В свое время все это уже проходил Нестеров. В первые годы Ирина была идеальной милицейской женой и относилась к работе мужа с должным уважением и пониманием. Она не жаловалась, не возмущалась и не роптала. Более того, когда это было необходимо, по мере сил старалась помочь. Кстати, первое «боевое крещение» Ирины состоялось уже на пятый день их официально проштампованной совместной жизни.
После свадьбы Нестерову предоставили медовую неделю, четыре дня из которой они провели на даче в Рощино, не вылезая из постели. Насытившись жизнью интимной, Ирине захотелось жизни духовной, и на пятый день они потащились в город – на премьеру в Александринку. Времени было полно, и они решили прогуляться от Финбана до театра пешком. На Литейном, немного не доходя до Некрасова, юный супруг вдруг резко обернулся, заметив проскользнувшую мимо дамочку, и констатировал: «Это Вика!»
– Какая и где? – ревниво поинтересовалась Ирина.
– Вон, зашла в проходняк.
– И что?
– Она в розыске, паспорт на Евстигнееву Екатерину.
– Будем ловить?
– Нет! Пойдем по своим делам, а завтра оцепим весь микрорайон – вдруг она до сих пор во дворе нас дожидается!.. Стоп, Ириш, стой на месте.
Нестеров, делая вид, что он пьян и желает по нужде, завалился под арку доходного дома. Минут через пять вышел.
– Одиннадцатая квартира, коммуналка, второй этаж, окна во второй двор, дверь говно, в хате Льдина, ворованные шмотки на дореволюционном шкафу справа от комода, собираются пить портвейн «Иверия» за два сорок две, салат «Столичный» порезан по-хамски, время есть.
– Для того, чтобы меня проводить до театра?
– Для того, чтобы ты позвонила в дежурку.
– И?
– Вызовешь дежурного опера, дашь адрес, скажешь Нестеров ждет в парадной напротив.
– А если…
– Сошлешься на Романова, тот знает – я порожняки не гоняю. На вот – возьми две копейки.
– Так ведь «02» бесплатно.
– До «02» за мою жизнь еще никто никогда не дозванивался.
Ирина позвонила с ближайшего таксофона, передала текст, а затем вернулась и нашла Нестерова.
Двадцать минут томительного ожидания Ирина провела в пахнувшей мочой парадной. Она хотела спросить у Нестерова, что все это значит, но он шепнул ей: «Ириш, ты у меня жена в самый раз!.. Но давай попозже».
Романов прибыл трусцой. Он оказался молодым, с наглецой, крепышом-колобком. Он заметно суетился и постоянно вздергивал носом:
– Сашка, ну ты даешь!.. И Льдина с ней?! Все, добегался сучонок.
– Подождешь? – наивно попросил Нестеров Ирину.
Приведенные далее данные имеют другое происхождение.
Lemma up_labels_I (x : Up) : {in Es le I, c =1 up_labels x}.
Proof. by have := valP x; rewrite Smu_gt_x0 => /andP[_ /forall_inP eq_I] e /eq_I/eqP. Qed.

Definition up_link (x : Up) : Lk := exist _ (up_face x) (up_face_gt x).

Definition to_Lmunu (x : Up) : Lmunu (link_le le I) (mu_tilde le mu I) (nu_tilde le mu I) :=
  exist _ (up_link x, vertex_labels (up_link x) (up_labels x),
           edge_labels (up_link x) (up_labels x))
        (labels_valid (K := up_link x) (up_labels_valid x)).

Lemma to_Lmunu_mono (x y : Up) : uplink_le (Smu_le le mu) x0 x y =
  Lmunu_le (link_le le I) (mu_tilde le mu I) (nu_tilde le mu I) (to_Lmunu x) (to_Lmunu y).
Proof.
rewrite /uplink_le /Smu_le /Lmunu_le /=; set X := up_link x; set Y := up_link y.
change (le (val X) (val Y) && [forall e in Es le (val X), up_labels x e == up_labels y e] =
  [&& le (val X) (val Y),
      [forall v in Vs (link_le le I) X,
         vertex_labels Y (up_labels y) v == vertex_labels X (up_labels x) v] &
      [forall w in Es (link_le le I) X,
         edge_labels Y (up_labels y) w == edge_labels X (up_labels x) w]]).
case: (boolP (le (val X) (val Y))) => // leXY /=; apply/idP/idP.
- move/forall_inP => eq_c.
  have [eq_vl eq_el] := labels_restrict (K := X) (fun e Xe => eqP (eq_c e Xe)).
  apply/andP; split; apply/forall_inP => u Xu.
    by rewrite (vertex_labels_mono _ leXY Xu) eq_vl.
  by rewrite (edge_labels_mono _ leXY Xu) eq_el.
- case/andP => /forall_inP eq_vl /forall_inP eq_el; apply/forall_inP => e Xe.
  have /labellingP[x_range _] := up_labels_valid x.
  have /labellingP[y_range _] := up_labels_valid y.
  apply/eqP; apply: (labels_determine (K := X)) => //.
  + by move=> e' /(Es_mono hS leXY); apply: y_range.
  + by move=> e' Ie'; rewrite -!up_labels_I.
  + by move=> u Xu; have := eq_vl u Xu; rewrite (vertex_labels_mono _ leXY Xu) eq_sym => /eqP.
  + by move=> u Xu; have := eq_el u Xu; rewrite (edge_labels_mono _ leXY Xu) eq_sym => /eqP.
Qed.

Lemma to_Lmunu_inj : injective to_Lmunu.
Proof.
have Lmunu_le_refl t : Lmunu_le (link_le le I) (mu_tilde le mu I) (nu_tilde le mu I) t t.
  by apply/and3P; split; [apply: (le_refl hS) | apply/forall_inP.. ] => // u _.
move=> x y exy; apply/val_inj/Smu_le_anti.
  by have := to_Lmunu_mono x y; rewrite exy Lmunu_le_refl.
by have := to_Lmunu_mono y x; rewrite exy Lmunu_le_refl.
Qed.

Definition lift_labels (K : Lk) (d c' : {ffun Lk -> nat}) : {ffun T -> nat} :=
  [ffun e => if e \notin Es le (val K) then 0
    else if e \in Es le I then c e
    else if [pick v in Vs (link_le le I) K | e \in fresh_edges v] is Some v
      then radix_dec mu (fresh_edges v) (d v).-1 e
    else if [pick w in Es (link_le le I) K | rest le I w == e] is Some w then c' w
    else 1].
(* The final branch is unreachable by fresh_edge_cover; 1 merely keeps the
   labelling in range without invoking it. *)

Section Lift.
Variables (K : Lk) (d c' : {ffun Lk -> nat}).
Hypothesis hdc : valid_dc (link_le le I) (mu_tilde le mu I) (nu_tilde le mu I) K d c'.

Lemma lift_labels_valid : valid_c le mu (val K) (lift_labels K d c').
Proof.
have /andP[/labellingP[d_range _] /labellingP[c'_range _]] := hdc.
apply/labellingP; split=> e Ke; rewrite ffunE Ke //=.
have /labellingP[c_range _] := hc.
case: ifPn => [/c_range // | _].
case: pickP => [v /andP[_ eV] | _]; first exact: radix_dec_range _ (@fresh_edges_mu_gt0 v) eV.
case: pickP => [w /andP[Kw /eqP <-] | _]; first exact: c'_range.
by apply: hmu; move: Ke; rewrite inE => /andP[/eqP].
Qed.

Lemma lift_labels_I : {in Es le I, c =1 lift_labels K d c'}.
Proof. by move=> e Ie; rewrite ffunE Ie (Es_mono hS (link_ge K) Ie). Qed.

Lemma lift_labels_fresh v e : v \in Vs (link_le le I) K -> e \in fresh_edges v ->
  lift_labels K d c' e = radix_dec mu (fresh_edges v) (d v).-1 e.
Proof.
rewrite (in_Vs_link hS) => /andP[/eqP card_v leVK] eV.
have := eV; rewrite mem_enum in_setD => /andP[eNI _].
rewrite ffunE (fresh_edges_Es leVK eV) (negbTE eNI) /=.
case: pickP => [v' /andP[Kv' eV'] | /(_ v)]; last by rewrite (in_Vs_link hS) card_v eqxx leVK eV.
move: Kv'; rewrite (in_Vs_link hS) => /andP[/eqP card_v' leV'K].
move: eV eV'; rewrite !mem_enum => eV eV'.
by rewrite (fresh_edge_vertex_uniq hS card_v' card_v leV'K leVK eV' eV).
Qed.

Lemma lift_labels_rest w : w \in Es (link_le le I) K -> lift_labels K d c' (rest le I w) = c' w.
Proof.
move=> Kw; have := Kw; rewrite (in_Es_link hS) => /andP[/eqP card_w leWK].
rewrite ffunE (rest_in_Es hS card_w leWK) /=.
rewrite (negbTE (rest_notin_Es hS card_w _)); last by rewrite setDv cards0.
case: pickP => [v /andP[Kv] | _].
  move: Kv; rewrite (in_Vs_link hS) mem_enum in_setD => /andP[/eqP card_v _].
  rewrite (negbTE (rest_notin_Es hS (X := val v) card_w _)) ?andbF //.
  by rewrite cardsDS ?card_v ?subSnn // proper_sub ?Vs_link_proper.
case: pickP => [w' /andP[Kw' /eqP eR] | /(_ w)]; last by rewrite Kw eqxx.
move: Kw'; rewrite (in_Es_link hS) => /andP[/eqP card_w' leW'K].
by rewrite (rest_inj_below hS card_w' card_w leW'K leWK eR).
Qed.

Lemma vertex_labels_lift : vertex_labels K (lift_labels K d c') = d.
Proof.
have /andP[/labellingP[d_range d0] _] := hdc.
apply/ffunP => v; rewrite ffunE; case: ifPn => [Kv | /d0 //].
rewrite (@eq_radix_enc _ mu _ _ (radix_dec mu (fresh_edges v) (d v).-1)); last first.
  by move=> e; apply: lift_labels_fresh.
have /andP[dv_gt0 dv_le] := d_range v Kv.
rewrite radix_decK ?prednK ?enum_uniq //; first exact: fresh_edges_mu_gt0.
by rewrite -nu_tilde_fresh; case: (d v) dv_gt0 dv_le.
Qed.

Lemma edge_labels_lift : edge_labels K (lift_labels K d c') = c'.
Proof.
have /andP[_ /labellingP[_ c'0]] := hdc.
by apply/ffunP => w; rewrite ffunE; case: ifPn => [/lift_labels_rest | /c'0].
Qed.

Lemma lift_labels_gt :
  ltb (Smu_le le mu) x0 (mkSmu le mu (val K) (lift_labels K d c') lift_labels_valid).
Proof. by rewrite Smu_gt_x0 (valP K); apply/forall_inP => e /lift_labels_I ->. Qed.

End Lift.

Definition of_Lmunu (t : Lmunu (link_le le I) (mu_tilde le mu I) (nu_tilde le mu I)) : Up :=
  exist (fun p => ltb (Smu_le le mu) x0 p) _ (lift_labels_gt (valP t)).

Lemma of_LmunuK : cancel of_Lmunu to_Lmunu.
Proof.
case=> [[[K d] c'] hdc]; apply: val_inj.
have eK : up_link (of_Lmunu (exist _ (K, d, c') hdc)) = K by apply: val_inj.
by rewrite /= eK /up_labels /= vertex_labels_lift // edge_labels_lift.
Qed.

Lemma to_LmunuK : cancel to_Lmunu of_Lmunu.
Proof. by move=> x; apply: to_Lmunu_inj; rewrite of_LmunuK. Qed.

End LinkOfInflation.

Unset Implicit Arguments.

Theorem lemma5p6 (T : finType) (le : rel T) (hS : simplicial_poset le)
  (mu : T -> nat) (hmu : forall e : T, dim le e = 1 -> 0 < mu e)
  (I : T) (c : {ffun T -> nat}) (hc : valid_c le mu I c) :
  poset_iso (uplink_le (Smu_le le mu) (mkSmu le mu I c hc))
            (Lmunu_le (link_le le I) (mu_tilde le mu I) (nu_tilde le mu I)).
Proof.
exists (to_Lmunu hS (hc := hc)); split; last exact: to_Lmunu_mono.
by exists (of_Lmunu hS hmu hc); [apply: to_LmunuK | apply: of_LmunuK].
Qed.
– Конечно! А то на вас посмотришь, так ходить по улицам страшно!..
По женскому вою и звуку битого стекла Ирина поняла, что сыщики проникли к Вике и беседа начапась. Ирина зачем-то поперлась в квартиру номер одиннадцать. Двери были распахнуты и с лестничной площадки, и в комнату. Пожилой спившийся мужчина с интересом наблюдал из коридора, как Льдина, запутавшись в желтом от времени тюле, пытается обороняться огромной хрустатьной вазой. Получалось не очень. Ваза не умещалась в руке. После седьмого-восьмого удара ему в голову чугунной витой рамкой для фотографии он затих. Романов нагло зашмыгал носом. Нестеров чуть ослабил внимание, Вика вырвалась и разодрала Ирине не только кофточку, но и бюстгальтер. Увидев это, Нестеров за волосы отбросил Вику, она ударилась о стол спиной и заплакала. На столе перевернулась салатница с кислой капустой, рассол дотек до края и капал на лоб Вики.
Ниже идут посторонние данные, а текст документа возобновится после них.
Lemma rr_at_rvec k d i : size d = k -> (i <= k)%N ->
  rr_at (rvec_of_steps k d) i = 1 + count id (take i d).
Proof.
move=> size_d lei; rewrite /rr_at ffunE inordK // inordK //.
rewrite ltnS add1n ltnS (leq_trans (count_size _ _)) // size_take.
by case: ltnP; lia.
Qed.

Lemma steps_of_rvecK k d : size d = k -> steps_of_rvec (rvec_of_steps k d) = d.
Proof.
move=> size_d; apply: (@eq_from_nth _ false); first by rewrite size_map size_iota.
move=> i; rewrite size_map size_iota => lti.
rewrite (nth_map 0) ?size_iota // nth_iota // add0n.
rewrite !rr_at_rvec // ?(ltnW lti) // (count_take_nth false) ?size_d //.
by case: (nth false d i) => /=; lia.
Qed.

Lemma in_Rk_rvec xs d : admissible xs d -> in_Rk xs (rvec_of_steps (size xs) d).
Proof.
rewrite admissibleE => /andP[/eqP size_xd /forallP ok].
have size_d : size d = size xs by rewrite size_xd.
apply/andP; split; first by rewrite (rr_at_rvec size_d) // take0.
apply/forallP => i; rewrite !(rr_at_rvec size_d) ?(ltnW (ltn_ord i)) //.
rewrite (count_take_nth false) ?size_d ?ltn_ord //; have := ok (cast_ord size_xd i) => /=.
case: (nth false d i); rewrite ?addn0 ?addn1 ?eqxx ?orbT //=.
by rewrite implybF => /negbTE ->.
Qed.

Lemma rr_at_steps xs (rr : {ffun 'I_(size xs).+1 -> 'I_(size xs).+2}) j :
  in_Rk xs rr -> (j <= size xs)%N -> rr_at rr j = 1 + count id (take j (steps_of_rvec rr)).
Proof.
move=> /andP[/eqP rr0 /forallP rr_step]; elim: j => [|j IHj] lej; first by rewrite take0.
rewrite (count_take_nth false) ?size_map ?size_iota //.
rewrite (nth_map 0) ?size_iota // nth_iota // add0n addnA -IHj; last exact: ltnW.
have /andP[+ _] /= := rr_step (Ordinal lej).
move: (rr_at rr j.+1) (rr_at rr j) => a b /orP[/eqP ->|/eqP ->].
  by rewrite eqn_leq ltnn andbF addn0.
by rewrite eqxx addn1.
Qed.

Lemma rvec_of_stepsK xs (rr : {ffun 'I_(size xs).+1 -> 'I_(size xs).+2}) :
  in_Rk xs rr -> rvec_of_steps (size xs) (steps_of_rvec rr) = rr.
Proof.
move=> rrR; apply/ffunP => i; apply: ord_inj.
have size_steps : size (steps_of_rvec rr) = size xs by rewrite size_map size_iota.
have rr_atE (f : {ffun 'I_(size xs).+1 -> 'I_(size xs).+2}) : f i = rr_at f i :> nat.
  by rewrite /rr_at inord_val.
by rewrite !rr_atE (rr_at_rvec size_steps (ltn_ord i)) (rr_at_steps rrR (ltn_ord i)).
Qed.

Lemma admissible_steps xs (rr : {ffun 'I_(size xs).+1 -> 'I_(size xs).+2}) :
  in_Rk xs rr -> admissible xs (steps_of_rvec rr).
Proof.
move=> /andP[_ /forallP rr_step]; rewrite admissibleE size_map size_iota eqxx /=.
apply/forallP => i; have /andP[_] := rr_step i.
by rewrite (nth_map 0) ?size_iota // nth_iota.
Qed.

Lemma sum_Rk xs (F : {ffun 'I_(size xs).+1 -> 'I_(size xs).+2} -> int) :
  (\sum_(rr | in_Rk xs rr) F rr =
   \sum_(d <- bool_seqs (size xs) | admissible xs d) F (rvec_of_steps (size xs) d))%R.
Proof.
rewrite -big_filter -[RHS]big_filter -(big_map (rvec_of_steps (size xs)) xpredT).
apply: perm_big; apply: uniq_perm.
- exact: (filter_uniq _ (index_enum_uniq _)).
- rewrite map_inj_in_uniq ?(filter_uniq _ (uniq_bool_seqs _)) //.
  apply: (@can_in_inj _ _ _ _ (@steps_of_rvec (size xs))) => d.
  by rewrite mem_filter mem_bool_seqs => /andP[_ /eqP]; apply: steps_of_rvecK.
move=> rr; rewrite mem_filter mem_index_enum andbT.
apply/idP/mapP => [rrR|[d]].
  exists (steps_of_rvec rr); last by rewrite (rvec_of_stepsK rrR).
  by rewrite mem_filter admissible_steps // mem_bool_seqs size_map size_iota eqxx.
by rewrite mem_filter => /andP[dA _] ->; apply: in_Rk_rvec.
Qed.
Нехорошо, конечно, получилось. В смысле бюстгальтера. Романов ржач, но, перетряхнув ворованное, обнаружил-таки свитерок. Новенький, в упаковке, импортный и в самый раз. Делать было нечего – Ирина переоделась. Разумеется, попала в число понятых. Разумеется, потащились в РУВД.
Через час ее отпустили, и она направилась в кабинет, где Нестеров с Романовым допивали портвейн, забранный из квартиры, причем подливали и Льдине, прикованному наручниками к батарее. Голова Льдины была перевязана чалмой из разорванной занавески, а левая сторона лица Романова напоминала плакат «Осторожно, пчелы!».
– Муж, пошли домой, а? Все равно на спектакль уже опоздали…
Нестеров ответил с набитым «докторской» колбасой ртом:
– Пойдем… Да ты не переживай, Ириш. Когда ты еще в такой театр сходишь?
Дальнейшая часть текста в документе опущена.